--- MATERIAL PROVIDED Enclosed Below ---
(* Let $(X,T)$ be a topological dynamical system and $\mu$ a $T$-invariant Borel probability measure on $X$. Then $\mu$ has bounded complexity with respect to $\{d_n\}$ if and only if $T$ is $\mu$-equicontinuous.
   Context: A t.d.s. $(X,T)$ consists of a compact metric space $(X,d)$ and a continuous map $T\colon X\to X$. $d_n(x,y)=\max\{d(T^ix,T^iy)\colon 0\le i\le n-1\}$, $B_{d_n}(x,\varepsilon)=\{y\colon d_n(x,y)<\varepsilon\}$. For an invariant measure $\mu$, $\mathrm{span}_\mu(n,\varepsilon)=\min\{\#(F)\colon F\subset X,\ \mu(\bigcup_{x\in F}B_{d_n}(x,\varepsilon))>1-\varepsilon\}$; $\mu$ has bounded complexity with respect to $\{d_n\}$ if for every $\varepsilon>0$ there is a positive integer $C$ with $\mathrm{span}_\mu(n,\varepsilon)\le C$ for all $n\ge1$. A subset $K\subset X$ is equicontinuous if for every $\varepsilon>0$ there is $\delta>0$ with $d(T^nx,T^ny)<\varepsilon$ for all $n\ge0$ and all $x,y\in K$ with $d(x,y)<\delta$. $T$ is $\mu$-equicontinuous if for every $\tau>0$ there is an equicontinuous measurable $K\subset X$ with $\mu(K)>1-\tau$. *)

From Stdlib Require Import Reals List.
Open Scope R_scope.

Section Defs.
Variable X : Type.
Variable d : X -> X -> R.

Definition is_metric : Prop :=
  (forall x y, 0 <= d x y) /\
  (forall x y, d x y = 0 <-> x = y) /\
  (forall x y, d x y = d y x) /\
  (forall x y z, d x z <= d x y + d y z).

Definition is_open (U : X -> Prop) : Prop :=
  forall x, U x -> exists r, 0 < r /\ forall y, d x y < r -> U y.

Definition compact_space : Prop :=
  forall (I : Type) (U : I -> X -> Prop),
    (forall i, is_open (U i)) -> (forall x, exists i, U i x) ->
    exists l : list I, forall x, exists i, In i l /\ U i x.

Definition continuous_map (T : X -> X) : Prop :=
  forall x eps, 0 < eps -> exists delta, 0 < delta /\
    forall y, d x y < delta -> d (T x) (T y) < eps.

Inductive borel : (X -> Prop) -> Prop :=
| borel_open : forall U, is_open U -> borel U
| borel_compl : forall A, borel A -> borel (fun x => ~ A x)
| borel_union : forall A : nat -> X -> Prop, (forall n, borel (A n)) ->
    borel (fun x => exists n, A n x)
| borel_ext : forall A B, borel A -> (forall x, A x <-> B x) -> borel B.

(* mu is a Borel probability measure (its values on non-Borel sets are
   irrelevant and never used) *)
Definition borel_probability (mu : (X -> Prop) -> R) : Prop :=
  (forall A, borel A -> 0 <= mu A) /\
  (forall A B, borel A -> (forall x, A x <-> B x) -> mu A = mu B) /\
  mu (fun _ => True) = 1 /\
  (forall A : nat -> X -> Prop,
     (forall n, borel (A n)) ->
     (forall n m x, n <> m -> A n x -> A m x -> False) ->
     Un_cv (fun N => sum_f_R0 (fun n => mu (A n)) N)
           (mu (fun x => exists n, A n x))).

Fixpoint iterate (T : X -> X) (n : nat) (x : X) : X :=
  match n with O => x | S k => T (iterate T k x) end.

Definition invariant_measure (T : X -> X) (mu : (X -> Prop) -> R) : Prop :=
  forall A, borel A -> mu (fun x => A (T x)) = mu A.

(* d_n(x,y) = max_{0<=i<=n-1} d(T^i x, T^i y)  (d_0 := 0, only n >= 1 used) *)
Fixpoint dn (T : X -> X) (n : nat) (x y : X) : R :=
  match n with
  | O => 0
  | S k => Rmax (dn T k x y) (d (iterate T k x) (iterate T k y))
  end.

Definition bowen_ball (T : X -> X) (n : nat) (x : X) (eps : R) : X -> Prop :=
  fun y => dn T n x y < eps.

(* span_mu(n,eps) <= C, i.e. some F with #F <= C has
   mu(union_{x in F} B_{d_n}(x,eps)) > 1 - eps *)
Definition span_le (T : X -> X) (mu : (X -> Prop) -> R) (n : nat) (eps : R)
  (C : nat) : Prop :=
  exists F : list X, (length F <= C)%nat /\
    mu (fun y => exists x, In x F /\ bowen_ball T n x eps y) > 1 - eps.

Definition bounded_complexity (T : X -> X) (mu : (X -> Prop) -> R) : Prop :=
  forall eps, 0 < eps -> exists C : nat, (1 <= C)%nat /\
    forall n, (1 <= n)%nat -> span_le T mu n eps C.

Definition equicontinuous_set (T : X -> X) (K : X -> Prop) : Prop :=
  forall eps, 0 < eps -> exists delta, 0 < delta /\
    forall x y, K x -> K y -> d x y < delta ->
      forall n, d (iterate T n x) (iterate T n y) < eps.

Definition mu_equicontinuous (T : X -> X) (mu : (X -> Prop) -> R) : Prop :=
  forall tau, 0 < tau -> exists K : X -> Prop,
    borel K /\ equicontinuous_set T K /\ mu K > 1 - tau.

End Defs.

From Pilot Require Import Defs.
From Stdlib Require Import Reals List Lra Lia Classical ClassicalEpsilon.
Open Scope R_scope.

(* If [T] is equicontinuous on a set [K] of measure [> 1 - eps], a finite [delta/2]-net of [X],
   moved into [K], gives centres whose Bowen balls [B_{d_n}(., eps)] cover [K] for every [n]:
   the complexity is bounded.

   Conversely, fix [e] and covers of measure [> 1 - e] by at most [C] Bowen balls
   [B_{d_{n+1}}(u_i(n), e)].  By compactness the [C] centres converge along a common subsequence,
   to [g_i] say; the points covered infinitely often along it form a set of measure [>= 1 - e]
   contained in the union of the closed orbit balls [{y | forall m, d(T^m g_i, T^m y) <= e}].
   These balls are closed, so disjoint ones lie at positive distance, while two points in
   meeting ones stay [4 e]-close along their orbits.  Intersecting such unions over the scales
   [e_k = tau 2^-k / 4] gives an equicontinuous set of measure [>= 1 - tau/2]. *)

Lemma Un_cv_const (c : R) : Un_cv (fun _ => c) c.
Proof.
  intros eps Heps. exists 0%nat. intros n _.
  unfold Rdist. rewrite Rminus_diag, Rabs_R0. lra.
Qed.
--- End of Enclosed MATERIAL PROVIDED ---
- ACTION ITEM -
Report each line in the entries where the string "every" occurs.

- ANSWER TO THIS PROBLEM -
   Context: A t.d.s. $(X,T)$ consists of a compact metric space $(X,d)$ and a continuous map $T\colon X\to X$. $d_n(x,y)=\max\{d(T^ix,T^iy)\colon 0\le i\le n-1\}$, $B_{d_n}(x,\varepsilon)=\{y\colon d_n(x,y)<\varepsilon\}$. For an invariant measure $\mu$, $\mathrm{span}_\mu(n,\varepsilon)=\min\{\#(F)\colon F\subset X,\ \mu(\bigcup_{x\in F}B_{d_n}(x,\varepsilon))>1-\varepsilon\}$; $\mu$ has bounded complexity with respect to $\{d_n\}$ if for every $\varepsilon>0$ there is a positive integer $C$ with $\mathrm{span}_\mu(n,\varepsilon)\le C$ for all $n\ge1$. A subset $K\subset X$ is equicontinuous if for every $\varepsilon>0$ there is $\delta>0$ with $d(T^nx,T^ny)<\varepsilon$ for all $n\ge0$ and all $x,y\in K$ with $d(x,y)<\delta$. $T$ is $\mu$-equicontinuous if for every $\tau>0$ there is an equicontinuous measurable $K\subset X$ with $\mu(K)>1-\tau$. *)
   moved into [K], gives centres whose Bowen balls [B_{d_n}(., eps)] cover [K] for every [n]:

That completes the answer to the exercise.